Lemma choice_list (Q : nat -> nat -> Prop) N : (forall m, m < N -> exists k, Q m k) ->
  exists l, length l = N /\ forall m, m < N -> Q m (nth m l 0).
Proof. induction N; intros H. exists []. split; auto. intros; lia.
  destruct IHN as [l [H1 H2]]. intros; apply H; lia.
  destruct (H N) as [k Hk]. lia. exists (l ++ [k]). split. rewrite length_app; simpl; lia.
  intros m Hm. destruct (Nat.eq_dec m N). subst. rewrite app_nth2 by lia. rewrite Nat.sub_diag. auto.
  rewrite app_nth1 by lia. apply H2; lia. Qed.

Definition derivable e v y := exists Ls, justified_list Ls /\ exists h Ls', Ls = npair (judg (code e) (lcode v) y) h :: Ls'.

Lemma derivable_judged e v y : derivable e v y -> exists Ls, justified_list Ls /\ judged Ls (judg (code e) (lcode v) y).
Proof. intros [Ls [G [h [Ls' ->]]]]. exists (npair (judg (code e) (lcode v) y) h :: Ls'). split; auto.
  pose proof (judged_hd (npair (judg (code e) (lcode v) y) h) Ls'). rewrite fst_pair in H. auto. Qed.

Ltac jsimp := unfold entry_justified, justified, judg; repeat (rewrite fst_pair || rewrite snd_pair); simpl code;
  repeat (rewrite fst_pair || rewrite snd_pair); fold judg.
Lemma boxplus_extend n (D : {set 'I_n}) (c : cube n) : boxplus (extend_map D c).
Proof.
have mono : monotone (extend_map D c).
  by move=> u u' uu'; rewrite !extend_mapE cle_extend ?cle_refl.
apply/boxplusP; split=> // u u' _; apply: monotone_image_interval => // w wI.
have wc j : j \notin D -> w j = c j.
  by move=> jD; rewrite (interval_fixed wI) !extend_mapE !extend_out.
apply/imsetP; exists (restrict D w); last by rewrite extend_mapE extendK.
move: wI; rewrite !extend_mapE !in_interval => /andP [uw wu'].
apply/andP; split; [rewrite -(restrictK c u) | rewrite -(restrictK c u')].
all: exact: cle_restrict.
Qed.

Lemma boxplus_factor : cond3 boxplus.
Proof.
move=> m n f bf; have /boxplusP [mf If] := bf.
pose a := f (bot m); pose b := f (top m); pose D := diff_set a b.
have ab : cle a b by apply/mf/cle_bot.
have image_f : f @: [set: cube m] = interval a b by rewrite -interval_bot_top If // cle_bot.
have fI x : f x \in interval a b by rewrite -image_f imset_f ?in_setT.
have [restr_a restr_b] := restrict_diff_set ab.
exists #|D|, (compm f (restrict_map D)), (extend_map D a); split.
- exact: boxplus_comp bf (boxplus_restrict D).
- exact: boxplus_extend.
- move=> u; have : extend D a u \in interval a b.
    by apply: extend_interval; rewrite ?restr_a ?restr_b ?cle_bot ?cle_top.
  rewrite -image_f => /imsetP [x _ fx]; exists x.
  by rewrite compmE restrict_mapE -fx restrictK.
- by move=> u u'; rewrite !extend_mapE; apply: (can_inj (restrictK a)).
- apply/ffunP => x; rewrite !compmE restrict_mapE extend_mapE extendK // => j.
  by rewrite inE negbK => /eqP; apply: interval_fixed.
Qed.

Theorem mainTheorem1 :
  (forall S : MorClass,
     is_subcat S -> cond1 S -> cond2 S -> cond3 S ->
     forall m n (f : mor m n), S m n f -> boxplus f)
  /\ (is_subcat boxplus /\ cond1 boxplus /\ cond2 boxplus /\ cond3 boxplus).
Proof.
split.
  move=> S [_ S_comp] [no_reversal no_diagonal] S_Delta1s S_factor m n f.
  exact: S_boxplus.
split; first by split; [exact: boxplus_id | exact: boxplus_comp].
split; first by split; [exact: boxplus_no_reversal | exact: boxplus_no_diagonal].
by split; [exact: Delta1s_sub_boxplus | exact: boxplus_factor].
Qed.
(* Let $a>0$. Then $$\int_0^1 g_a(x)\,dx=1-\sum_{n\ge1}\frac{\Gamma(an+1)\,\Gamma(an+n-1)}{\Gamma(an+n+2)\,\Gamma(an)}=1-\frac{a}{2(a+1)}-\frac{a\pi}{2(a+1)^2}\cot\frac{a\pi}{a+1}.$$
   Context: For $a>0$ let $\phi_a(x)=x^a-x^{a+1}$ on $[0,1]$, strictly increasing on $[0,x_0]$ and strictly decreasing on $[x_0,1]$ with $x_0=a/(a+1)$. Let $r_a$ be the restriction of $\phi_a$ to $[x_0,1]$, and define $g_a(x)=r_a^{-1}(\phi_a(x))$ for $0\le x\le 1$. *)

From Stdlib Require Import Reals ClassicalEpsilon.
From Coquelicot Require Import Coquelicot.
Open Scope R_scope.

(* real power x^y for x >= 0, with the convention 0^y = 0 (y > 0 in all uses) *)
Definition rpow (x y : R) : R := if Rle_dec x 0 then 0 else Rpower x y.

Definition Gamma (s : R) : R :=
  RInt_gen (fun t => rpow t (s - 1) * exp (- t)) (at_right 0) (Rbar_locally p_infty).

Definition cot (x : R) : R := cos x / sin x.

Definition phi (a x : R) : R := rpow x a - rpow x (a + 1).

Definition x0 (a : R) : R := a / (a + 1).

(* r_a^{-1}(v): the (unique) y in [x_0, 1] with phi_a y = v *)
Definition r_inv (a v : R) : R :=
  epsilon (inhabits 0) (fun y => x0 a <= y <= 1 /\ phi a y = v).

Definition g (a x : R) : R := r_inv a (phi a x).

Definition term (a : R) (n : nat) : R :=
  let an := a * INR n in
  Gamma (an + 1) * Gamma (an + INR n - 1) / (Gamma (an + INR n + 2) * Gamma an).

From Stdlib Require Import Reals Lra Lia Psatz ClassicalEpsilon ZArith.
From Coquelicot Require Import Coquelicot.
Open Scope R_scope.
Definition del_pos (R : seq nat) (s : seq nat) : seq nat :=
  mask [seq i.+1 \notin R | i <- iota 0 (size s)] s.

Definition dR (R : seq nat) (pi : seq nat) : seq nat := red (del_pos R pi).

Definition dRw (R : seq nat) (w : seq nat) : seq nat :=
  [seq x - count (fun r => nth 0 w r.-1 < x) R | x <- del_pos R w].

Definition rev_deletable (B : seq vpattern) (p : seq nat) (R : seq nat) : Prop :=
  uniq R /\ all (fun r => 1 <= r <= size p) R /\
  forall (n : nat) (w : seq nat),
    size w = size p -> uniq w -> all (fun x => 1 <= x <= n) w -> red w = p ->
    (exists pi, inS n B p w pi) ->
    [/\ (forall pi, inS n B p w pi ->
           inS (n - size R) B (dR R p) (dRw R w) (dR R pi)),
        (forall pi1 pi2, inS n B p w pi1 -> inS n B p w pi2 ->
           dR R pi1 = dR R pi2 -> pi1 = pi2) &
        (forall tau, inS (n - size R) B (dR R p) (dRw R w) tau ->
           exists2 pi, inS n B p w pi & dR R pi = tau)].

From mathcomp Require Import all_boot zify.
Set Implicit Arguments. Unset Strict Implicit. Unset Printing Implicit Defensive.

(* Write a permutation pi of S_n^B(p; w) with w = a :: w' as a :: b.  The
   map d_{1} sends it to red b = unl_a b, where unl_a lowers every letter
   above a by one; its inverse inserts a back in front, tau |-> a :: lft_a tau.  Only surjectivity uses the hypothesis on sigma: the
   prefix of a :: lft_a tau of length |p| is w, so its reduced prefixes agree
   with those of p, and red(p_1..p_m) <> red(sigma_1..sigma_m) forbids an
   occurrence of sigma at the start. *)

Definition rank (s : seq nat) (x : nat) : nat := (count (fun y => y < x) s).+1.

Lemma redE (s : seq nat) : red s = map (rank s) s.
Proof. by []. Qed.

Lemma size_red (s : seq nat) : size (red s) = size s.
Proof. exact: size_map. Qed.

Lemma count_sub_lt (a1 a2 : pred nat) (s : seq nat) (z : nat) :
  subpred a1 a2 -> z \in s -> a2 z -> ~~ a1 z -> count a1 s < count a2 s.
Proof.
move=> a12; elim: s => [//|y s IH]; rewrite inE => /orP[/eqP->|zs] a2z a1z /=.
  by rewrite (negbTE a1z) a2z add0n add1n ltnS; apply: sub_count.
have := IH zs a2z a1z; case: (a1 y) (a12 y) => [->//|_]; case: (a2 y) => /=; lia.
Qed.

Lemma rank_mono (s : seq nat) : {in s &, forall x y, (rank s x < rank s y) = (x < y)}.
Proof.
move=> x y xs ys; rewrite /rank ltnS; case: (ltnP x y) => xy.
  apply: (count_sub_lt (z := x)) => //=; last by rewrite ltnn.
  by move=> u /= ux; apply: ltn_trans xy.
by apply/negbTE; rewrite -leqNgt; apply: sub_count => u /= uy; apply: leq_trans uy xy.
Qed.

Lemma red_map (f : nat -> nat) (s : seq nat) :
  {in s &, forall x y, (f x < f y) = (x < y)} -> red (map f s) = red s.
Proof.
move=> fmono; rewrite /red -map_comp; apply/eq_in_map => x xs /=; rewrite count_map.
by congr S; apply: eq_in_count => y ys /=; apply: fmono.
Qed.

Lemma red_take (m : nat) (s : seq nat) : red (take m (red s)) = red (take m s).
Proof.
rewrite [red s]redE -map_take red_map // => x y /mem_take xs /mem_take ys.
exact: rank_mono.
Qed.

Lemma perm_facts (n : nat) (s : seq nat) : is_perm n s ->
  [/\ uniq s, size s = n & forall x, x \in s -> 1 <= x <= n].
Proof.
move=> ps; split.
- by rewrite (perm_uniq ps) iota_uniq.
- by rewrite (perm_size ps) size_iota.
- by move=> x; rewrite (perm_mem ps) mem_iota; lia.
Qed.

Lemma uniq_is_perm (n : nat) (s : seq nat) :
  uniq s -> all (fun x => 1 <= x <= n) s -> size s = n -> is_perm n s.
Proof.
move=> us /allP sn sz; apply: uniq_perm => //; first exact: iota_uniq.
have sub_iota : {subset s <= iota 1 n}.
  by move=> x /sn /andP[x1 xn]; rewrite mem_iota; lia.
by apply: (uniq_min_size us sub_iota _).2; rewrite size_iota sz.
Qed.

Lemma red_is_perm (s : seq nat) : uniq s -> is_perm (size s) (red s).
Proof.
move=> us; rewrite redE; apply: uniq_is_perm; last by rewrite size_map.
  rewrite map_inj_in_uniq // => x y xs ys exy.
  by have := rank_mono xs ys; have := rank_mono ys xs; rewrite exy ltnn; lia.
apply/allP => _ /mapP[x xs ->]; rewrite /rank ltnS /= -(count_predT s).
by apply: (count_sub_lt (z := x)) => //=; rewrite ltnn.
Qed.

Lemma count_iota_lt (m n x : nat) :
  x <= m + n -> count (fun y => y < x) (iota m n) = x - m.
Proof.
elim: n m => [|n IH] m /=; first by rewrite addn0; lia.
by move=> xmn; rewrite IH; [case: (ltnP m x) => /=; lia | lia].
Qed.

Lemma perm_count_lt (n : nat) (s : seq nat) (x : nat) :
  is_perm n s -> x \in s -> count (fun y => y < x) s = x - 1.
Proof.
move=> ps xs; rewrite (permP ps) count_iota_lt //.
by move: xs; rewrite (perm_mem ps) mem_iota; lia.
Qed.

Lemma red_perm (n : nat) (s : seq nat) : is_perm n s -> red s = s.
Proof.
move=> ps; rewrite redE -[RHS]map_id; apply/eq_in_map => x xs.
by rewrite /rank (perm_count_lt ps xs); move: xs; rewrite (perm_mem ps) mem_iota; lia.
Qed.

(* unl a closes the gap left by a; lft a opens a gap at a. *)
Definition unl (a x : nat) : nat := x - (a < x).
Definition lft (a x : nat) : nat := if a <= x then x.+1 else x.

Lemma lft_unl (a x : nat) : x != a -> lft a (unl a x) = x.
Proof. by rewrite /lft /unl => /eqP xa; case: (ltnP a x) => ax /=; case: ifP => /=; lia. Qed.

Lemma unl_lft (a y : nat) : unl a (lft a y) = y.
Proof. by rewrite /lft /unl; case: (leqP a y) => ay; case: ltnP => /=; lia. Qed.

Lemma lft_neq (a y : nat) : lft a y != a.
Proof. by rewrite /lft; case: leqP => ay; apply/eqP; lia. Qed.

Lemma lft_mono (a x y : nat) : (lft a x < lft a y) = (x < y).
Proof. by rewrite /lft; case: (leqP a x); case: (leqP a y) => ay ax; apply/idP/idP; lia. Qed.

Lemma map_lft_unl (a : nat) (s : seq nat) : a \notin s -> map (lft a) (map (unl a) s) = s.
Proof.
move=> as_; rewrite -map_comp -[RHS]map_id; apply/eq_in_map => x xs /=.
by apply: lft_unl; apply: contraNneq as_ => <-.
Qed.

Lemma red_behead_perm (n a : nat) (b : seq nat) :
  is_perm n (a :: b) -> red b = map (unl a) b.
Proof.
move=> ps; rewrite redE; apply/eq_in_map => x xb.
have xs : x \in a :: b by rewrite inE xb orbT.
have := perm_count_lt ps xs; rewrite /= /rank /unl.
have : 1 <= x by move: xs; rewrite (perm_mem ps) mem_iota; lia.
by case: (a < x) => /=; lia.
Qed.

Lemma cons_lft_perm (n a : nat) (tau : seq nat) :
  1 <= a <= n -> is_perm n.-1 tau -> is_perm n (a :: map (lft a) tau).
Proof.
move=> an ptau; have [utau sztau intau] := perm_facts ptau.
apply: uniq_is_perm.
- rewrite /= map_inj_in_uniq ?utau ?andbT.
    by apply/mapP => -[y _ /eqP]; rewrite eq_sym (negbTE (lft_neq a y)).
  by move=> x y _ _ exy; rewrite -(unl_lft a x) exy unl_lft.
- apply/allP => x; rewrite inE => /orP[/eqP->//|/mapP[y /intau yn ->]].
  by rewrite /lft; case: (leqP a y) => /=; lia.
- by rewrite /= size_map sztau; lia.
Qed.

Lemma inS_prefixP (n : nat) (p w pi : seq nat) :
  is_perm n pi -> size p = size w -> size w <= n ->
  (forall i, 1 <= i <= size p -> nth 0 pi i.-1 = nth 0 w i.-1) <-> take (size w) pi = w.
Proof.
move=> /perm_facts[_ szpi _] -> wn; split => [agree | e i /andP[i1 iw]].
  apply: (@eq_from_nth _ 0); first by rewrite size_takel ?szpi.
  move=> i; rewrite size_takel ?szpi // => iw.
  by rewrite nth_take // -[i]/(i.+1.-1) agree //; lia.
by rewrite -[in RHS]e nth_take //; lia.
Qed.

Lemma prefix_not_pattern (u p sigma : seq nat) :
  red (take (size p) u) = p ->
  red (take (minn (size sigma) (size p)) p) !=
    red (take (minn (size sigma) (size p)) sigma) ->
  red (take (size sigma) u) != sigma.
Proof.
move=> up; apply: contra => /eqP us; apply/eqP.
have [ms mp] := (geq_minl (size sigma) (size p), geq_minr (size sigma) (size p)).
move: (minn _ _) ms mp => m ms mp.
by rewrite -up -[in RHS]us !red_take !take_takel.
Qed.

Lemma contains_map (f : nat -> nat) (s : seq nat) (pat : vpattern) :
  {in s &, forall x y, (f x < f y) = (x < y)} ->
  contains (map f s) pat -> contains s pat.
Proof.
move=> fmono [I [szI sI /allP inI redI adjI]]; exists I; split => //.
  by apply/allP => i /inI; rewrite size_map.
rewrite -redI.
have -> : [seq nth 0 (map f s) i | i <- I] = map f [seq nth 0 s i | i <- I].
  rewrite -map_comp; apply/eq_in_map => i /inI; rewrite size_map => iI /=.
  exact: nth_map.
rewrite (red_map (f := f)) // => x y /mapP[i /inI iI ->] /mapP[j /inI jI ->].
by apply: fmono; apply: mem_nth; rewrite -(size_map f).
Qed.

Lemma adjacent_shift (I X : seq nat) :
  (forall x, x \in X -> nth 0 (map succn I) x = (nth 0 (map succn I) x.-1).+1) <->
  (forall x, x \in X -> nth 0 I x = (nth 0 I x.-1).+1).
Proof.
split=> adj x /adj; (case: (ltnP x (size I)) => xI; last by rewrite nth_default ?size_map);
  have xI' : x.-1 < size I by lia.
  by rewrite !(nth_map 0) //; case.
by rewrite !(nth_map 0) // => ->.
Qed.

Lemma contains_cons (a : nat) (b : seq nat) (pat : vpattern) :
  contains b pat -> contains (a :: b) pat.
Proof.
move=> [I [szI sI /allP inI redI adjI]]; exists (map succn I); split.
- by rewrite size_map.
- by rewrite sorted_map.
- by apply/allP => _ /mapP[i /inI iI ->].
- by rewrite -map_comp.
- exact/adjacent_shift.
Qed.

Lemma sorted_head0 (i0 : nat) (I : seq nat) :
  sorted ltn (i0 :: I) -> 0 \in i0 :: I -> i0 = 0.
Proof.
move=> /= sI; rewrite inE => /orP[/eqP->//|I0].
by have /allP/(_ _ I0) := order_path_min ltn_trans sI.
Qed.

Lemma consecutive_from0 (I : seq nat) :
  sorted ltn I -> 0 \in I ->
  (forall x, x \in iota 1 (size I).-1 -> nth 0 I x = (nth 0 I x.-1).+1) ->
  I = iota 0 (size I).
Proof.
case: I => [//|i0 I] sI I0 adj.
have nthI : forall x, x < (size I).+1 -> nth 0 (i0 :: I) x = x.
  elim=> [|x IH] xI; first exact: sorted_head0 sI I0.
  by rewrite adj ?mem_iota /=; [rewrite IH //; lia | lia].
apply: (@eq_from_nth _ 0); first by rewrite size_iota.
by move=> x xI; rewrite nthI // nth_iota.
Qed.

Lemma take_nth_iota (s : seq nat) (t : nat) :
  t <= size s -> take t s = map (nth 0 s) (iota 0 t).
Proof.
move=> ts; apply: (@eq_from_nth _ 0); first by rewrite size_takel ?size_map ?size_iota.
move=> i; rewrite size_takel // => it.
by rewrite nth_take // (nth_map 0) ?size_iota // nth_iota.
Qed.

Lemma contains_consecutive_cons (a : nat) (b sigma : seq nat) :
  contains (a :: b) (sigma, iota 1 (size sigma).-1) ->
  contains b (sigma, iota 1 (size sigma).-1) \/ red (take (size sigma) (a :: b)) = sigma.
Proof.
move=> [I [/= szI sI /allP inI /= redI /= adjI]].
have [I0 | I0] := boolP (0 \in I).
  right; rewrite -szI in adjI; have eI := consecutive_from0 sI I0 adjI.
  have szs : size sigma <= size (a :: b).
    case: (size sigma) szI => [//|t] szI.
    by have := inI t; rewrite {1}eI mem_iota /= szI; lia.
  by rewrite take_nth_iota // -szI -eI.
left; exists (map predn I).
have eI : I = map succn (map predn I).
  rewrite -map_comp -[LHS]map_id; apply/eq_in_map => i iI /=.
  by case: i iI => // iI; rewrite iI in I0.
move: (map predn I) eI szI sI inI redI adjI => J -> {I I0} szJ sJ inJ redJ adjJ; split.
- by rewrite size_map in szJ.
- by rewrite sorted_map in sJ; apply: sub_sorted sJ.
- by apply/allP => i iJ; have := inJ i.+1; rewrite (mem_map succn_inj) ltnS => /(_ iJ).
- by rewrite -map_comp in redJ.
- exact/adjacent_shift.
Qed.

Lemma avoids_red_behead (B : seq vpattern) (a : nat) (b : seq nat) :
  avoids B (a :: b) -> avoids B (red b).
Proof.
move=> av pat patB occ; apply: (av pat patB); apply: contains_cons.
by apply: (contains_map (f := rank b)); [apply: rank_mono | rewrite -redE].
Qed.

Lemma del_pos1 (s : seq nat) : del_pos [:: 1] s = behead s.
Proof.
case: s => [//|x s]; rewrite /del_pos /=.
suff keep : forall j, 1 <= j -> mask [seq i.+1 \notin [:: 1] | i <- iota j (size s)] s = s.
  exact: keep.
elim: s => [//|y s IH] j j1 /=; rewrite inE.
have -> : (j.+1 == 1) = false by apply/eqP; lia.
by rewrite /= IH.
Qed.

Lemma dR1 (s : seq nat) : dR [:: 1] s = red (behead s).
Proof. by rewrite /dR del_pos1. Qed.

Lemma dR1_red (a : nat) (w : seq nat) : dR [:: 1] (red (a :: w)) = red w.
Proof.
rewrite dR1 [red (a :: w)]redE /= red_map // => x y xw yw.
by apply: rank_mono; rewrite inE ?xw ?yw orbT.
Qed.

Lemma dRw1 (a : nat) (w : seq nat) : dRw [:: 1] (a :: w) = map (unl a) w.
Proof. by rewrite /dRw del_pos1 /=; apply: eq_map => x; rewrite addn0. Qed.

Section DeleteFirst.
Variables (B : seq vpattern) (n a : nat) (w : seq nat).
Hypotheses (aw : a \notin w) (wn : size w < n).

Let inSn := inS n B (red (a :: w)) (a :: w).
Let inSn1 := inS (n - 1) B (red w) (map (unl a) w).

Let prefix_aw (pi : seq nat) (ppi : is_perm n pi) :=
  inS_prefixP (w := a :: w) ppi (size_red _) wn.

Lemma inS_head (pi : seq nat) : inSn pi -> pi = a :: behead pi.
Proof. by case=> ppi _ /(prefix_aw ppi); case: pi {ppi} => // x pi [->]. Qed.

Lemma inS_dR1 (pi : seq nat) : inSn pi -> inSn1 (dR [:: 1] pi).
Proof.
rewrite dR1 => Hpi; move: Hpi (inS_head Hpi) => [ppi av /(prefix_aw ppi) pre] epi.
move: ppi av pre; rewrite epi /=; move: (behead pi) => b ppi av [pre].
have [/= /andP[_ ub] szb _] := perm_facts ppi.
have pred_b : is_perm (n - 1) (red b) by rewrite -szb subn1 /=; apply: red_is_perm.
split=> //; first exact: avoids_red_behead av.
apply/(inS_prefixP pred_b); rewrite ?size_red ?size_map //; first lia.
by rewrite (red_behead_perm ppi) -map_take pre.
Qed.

===============

## TASK DETAILS
Restate the data word for word. Begin at its first line, end at the line that contains "exists #|D|, (compm", and include both.

## THE COMPLETED TASK
Lemma choice_list (Q : nat -> nat -> Prop) N : (forall m, m < N -> exists k, Q m k) ->
  exists l, length l = N /\ forall m, m < N -> Q m (nth m l 0).
Proof. induction N; intros H. exists []. split; auto. intros; lia.
  destruct IHN as [l [H1 H2]]. intros; apply H; lia.
  destruct (H N) as [k Hk]. lia. exists (l ++ [k]). split. rewrite length_app; simpl; lia.
  intros m Hm. destruct (Nat.eq_dec m N). subst. rewrite app_nth2 by lia. rewrite Nat.sub_diag. auto.
  rewrite app_nth1 by lia. apply H2; lia. Qed.

Definition derivable e v y := exists Ls, justified_list Ls /\ exists h Ls', Ls = npair (judg (code e) (lcode v) y) h :: Ls'.

Lemma derivable_judged e v y : derivable e v y -> exists Ls, justified_list Ls /\ judged Ls (judg (code e) (lcode v) y).
Proof. intros [Ls [G [h [Ls' ->]]]]. exists (npair (judg (code e) (lcode v) y) h :: Ls'). split; auto.
  pose proof (judged_hd (npair (judg (code e) (lcode v) y) h) Ls'). rewrite fst_pair in H. auto. Qed.

Ltac jsimp := unfold entry_justified, justified, judg; repeat (rewrite fst_pair || rewrite snd_pair); simpl code;
  repeat (rewrite fst_pair || rewrite snd_pair); fold judg.
Lemma boxplus_extend n (D : {set 'I_n}) (c : cube n) : boxplus (extend_map D c).
Proof.
have mono : monotone (extend_map D c).
  by move=> u u' uu'; rewrite !extend_mapE cle_extend ?cle_refl.
apply/boxplusP; split=> // u u' _; apply: monotone_image_interval => // w wI.
have wc j : j \notin D -> w j = c j.
  by move=> jD; rewrite (interval_fixed wI) !extend_mapE !extend_out.
apply/imsetP; exists (restrict D w); last by rewrite extend_mapE extendK.
move: wI; rewrite !extend_mapE !in_interval => /andP [uw wu'].
apply/andP; split; [rewrite -(restrictK c u) | rewrite -(restrictK c u')].
all: exact: cle_restrict.
Qed.

Lemma boxplus_factor : cond3 boxplus.
Proof.
move=> m n f bf; have /boxplusP [mf If] := bf.
pose a := f (bot m); pose b := f (top m); pose D := diff_set a b.
have ab : cle a b by apply/mf/cle_bot.
have image_f : f @: [set: cube m] = interval a b by rewrite -interval_bot_top If // cle_bot.
have fI x : f x \in interval a b by rewrite -image_f imset_f ?in_setT.
have [restr_a restr_b] := restrict_diff_set ab.
exists #|D|, (compm f (restrict_map D)), (extend_map D a); split.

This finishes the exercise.